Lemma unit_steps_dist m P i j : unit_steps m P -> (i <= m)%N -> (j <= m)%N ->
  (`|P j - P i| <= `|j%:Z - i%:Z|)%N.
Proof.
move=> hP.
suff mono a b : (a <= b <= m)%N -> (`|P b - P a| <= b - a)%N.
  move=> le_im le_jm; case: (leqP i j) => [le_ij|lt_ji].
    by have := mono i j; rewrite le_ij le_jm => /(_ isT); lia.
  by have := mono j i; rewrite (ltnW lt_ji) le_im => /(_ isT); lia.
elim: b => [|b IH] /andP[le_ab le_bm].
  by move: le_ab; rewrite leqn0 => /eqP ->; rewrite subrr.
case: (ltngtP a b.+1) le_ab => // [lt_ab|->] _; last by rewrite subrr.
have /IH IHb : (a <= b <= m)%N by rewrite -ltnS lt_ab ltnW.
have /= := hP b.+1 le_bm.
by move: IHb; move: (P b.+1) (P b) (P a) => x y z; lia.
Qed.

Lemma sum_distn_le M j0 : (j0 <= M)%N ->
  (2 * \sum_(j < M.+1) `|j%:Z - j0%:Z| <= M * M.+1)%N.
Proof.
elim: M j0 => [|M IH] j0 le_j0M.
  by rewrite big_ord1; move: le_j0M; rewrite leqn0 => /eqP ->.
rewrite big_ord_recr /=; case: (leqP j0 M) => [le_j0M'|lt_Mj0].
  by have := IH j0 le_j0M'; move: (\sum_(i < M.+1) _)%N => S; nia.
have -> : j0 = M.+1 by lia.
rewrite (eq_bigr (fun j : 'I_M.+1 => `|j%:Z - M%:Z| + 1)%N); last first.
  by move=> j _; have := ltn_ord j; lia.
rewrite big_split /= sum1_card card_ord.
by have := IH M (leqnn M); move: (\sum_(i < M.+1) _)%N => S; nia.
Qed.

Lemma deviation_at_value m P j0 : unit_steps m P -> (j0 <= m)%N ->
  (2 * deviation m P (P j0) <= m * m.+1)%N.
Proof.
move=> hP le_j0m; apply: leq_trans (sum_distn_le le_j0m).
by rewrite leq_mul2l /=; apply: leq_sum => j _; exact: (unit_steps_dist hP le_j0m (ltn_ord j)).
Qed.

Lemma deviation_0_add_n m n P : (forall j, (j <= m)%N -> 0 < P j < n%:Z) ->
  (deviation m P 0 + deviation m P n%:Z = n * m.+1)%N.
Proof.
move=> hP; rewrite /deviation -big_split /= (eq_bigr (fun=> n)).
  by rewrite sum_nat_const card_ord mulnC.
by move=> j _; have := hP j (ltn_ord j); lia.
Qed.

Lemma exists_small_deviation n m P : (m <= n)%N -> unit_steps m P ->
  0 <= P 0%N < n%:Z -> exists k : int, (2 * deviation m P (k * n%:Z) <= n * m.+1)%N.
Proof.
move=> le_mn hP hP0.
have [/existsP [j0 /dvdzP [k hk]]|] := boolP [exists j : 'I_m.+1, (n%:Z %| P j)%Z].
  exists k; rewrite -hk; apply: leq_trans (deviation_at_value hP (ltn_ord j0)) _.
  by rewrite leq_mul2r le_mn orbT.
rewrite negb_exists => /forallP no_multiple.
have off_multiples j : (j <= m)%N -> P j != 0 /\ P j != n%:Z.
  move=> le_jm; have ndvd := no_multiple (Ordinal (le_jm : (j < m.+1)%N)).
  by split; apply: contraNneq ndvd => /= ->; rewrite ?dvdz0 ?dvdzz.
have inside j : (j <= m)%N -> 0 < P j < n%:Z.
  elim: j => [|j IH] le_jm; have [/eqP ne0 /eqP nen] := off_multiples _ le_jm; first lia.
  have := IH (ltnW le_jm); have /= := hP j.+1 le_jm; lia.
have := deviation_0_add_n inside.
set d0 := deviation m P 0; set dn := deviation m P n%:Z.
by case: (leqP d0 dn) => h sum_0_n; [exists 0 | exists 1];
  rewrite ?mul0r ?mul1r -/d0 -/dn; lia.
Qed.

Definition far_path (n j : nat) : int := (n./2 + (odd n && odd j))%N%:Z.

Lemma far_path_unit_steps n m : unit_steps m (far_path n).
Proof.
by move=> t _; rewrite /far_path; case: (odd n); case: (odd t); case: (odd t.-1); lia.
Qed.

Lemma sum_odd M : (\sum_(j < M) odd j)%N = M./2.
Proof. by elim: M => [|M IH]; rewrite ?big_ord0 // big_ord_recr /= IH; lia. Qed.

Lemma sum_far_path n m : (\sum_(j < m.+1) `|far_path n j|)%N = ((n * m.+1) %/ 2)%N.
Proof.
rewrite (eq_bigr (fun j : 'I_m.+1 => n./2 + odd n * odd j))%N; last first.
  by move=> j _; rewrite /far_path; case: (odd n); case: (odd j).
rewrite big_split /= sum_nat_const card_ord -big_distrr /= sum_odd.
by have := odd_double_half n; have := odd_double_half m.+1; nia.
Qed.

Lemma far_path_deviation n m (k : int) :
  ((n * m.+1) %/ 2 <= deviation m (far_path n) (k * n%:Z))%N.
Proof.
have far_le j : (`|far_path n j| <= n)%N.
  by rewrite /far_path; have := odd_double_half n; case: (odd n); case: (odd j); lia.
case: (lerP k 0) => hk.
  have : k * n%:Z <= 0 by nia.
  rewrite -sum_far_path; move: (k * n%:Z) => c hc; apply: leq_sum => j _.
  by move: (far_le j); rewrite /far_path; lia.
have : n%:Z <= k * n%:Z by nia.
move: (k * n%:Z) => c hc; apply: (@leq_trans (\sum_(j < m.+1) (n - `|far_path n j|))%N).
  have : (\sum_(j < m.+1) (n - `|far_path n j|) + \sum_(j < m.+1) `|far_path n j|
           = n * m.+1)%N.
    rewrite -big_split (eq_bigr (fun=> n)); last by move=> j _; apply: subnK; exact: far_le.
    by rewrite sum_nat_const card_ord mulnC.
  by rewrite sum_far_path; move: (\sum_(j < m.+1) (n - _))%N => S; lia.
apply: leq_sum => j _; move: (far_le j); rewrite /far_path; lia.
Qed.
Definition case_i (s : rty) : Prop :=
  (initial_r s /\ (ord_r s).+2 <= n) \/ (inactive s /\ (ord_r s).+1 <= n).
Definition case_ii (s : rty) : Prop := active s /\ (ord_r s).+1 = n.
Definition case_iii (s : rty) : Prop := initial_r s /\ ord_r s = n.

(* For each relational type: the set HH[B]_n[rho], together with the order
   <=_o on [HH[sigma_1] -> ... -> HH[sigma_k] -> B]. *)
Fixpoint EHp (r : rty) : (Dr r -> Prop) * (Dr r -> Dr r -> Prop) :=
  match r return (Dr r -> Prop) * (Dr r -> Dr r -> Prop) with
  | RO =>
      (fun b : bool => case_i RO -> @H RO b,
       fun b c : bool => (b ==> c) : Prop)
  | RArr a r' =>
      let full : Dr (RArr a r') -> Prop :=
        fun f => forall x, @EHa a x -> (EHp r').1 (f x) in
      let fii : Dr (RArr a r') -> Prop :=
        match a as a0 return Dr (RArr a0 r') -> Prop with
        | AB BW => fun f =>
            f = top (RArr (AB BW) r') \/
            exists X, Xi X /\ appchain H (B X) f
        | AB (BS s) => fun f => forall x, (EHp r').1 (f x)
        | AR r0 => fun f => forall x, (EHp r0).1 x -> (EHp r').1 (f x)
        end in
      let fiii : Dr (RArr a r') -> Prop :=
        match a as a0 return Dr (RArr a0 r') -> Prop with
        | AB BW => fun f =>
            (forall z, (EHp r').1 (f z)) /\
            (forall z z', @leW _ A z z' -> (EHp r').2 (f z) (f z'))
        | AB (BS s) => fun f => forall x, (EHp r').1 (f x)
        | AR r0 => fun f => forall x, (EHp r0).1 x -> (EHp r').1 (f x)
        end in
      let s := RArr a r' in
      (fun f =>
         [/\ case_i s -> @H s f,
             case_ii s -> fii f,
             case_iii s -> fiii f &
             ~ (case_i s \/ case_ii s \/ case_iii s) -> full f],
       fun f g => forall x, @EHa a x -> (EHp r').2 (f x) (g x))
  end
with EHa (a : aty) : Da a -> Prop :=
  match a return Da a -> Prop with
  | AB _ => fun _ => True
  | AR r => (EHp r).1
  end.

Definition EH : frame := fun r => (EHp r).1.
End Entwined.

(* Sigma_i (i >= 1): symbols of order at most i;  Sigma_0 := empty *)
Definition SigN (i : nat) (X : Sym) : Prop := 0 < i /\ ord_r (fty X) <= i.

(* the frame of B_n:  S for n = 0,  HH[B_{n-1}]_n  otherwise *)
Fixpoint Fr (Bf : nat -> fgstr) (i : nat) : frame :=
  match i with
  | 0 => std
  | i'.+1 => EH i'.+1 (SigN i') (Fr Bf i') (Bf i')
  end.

▸ **TASK DESCRIPTION**:
Output only the lines from the top of the entries through the one holding "move=> le_im le_jm;", copied exactly.

▸ **SOLUTION FOR THIS EXERCISE**:
Lemma unit_steps_dist m P i j : unit_steps m P -> (i <= m)%N -> (j <= m)%N ->
  (`|P j - P i| <= `|j%:Z - i%:Z|)%N.
Proof.
move=> hP.
suff mono a b : (a <= b <= m)%N -> (`|P b - P a| <= b - a)%N.
  move=> le_im le_jm; case: (leqP i j) => [le_ij|lt_ji].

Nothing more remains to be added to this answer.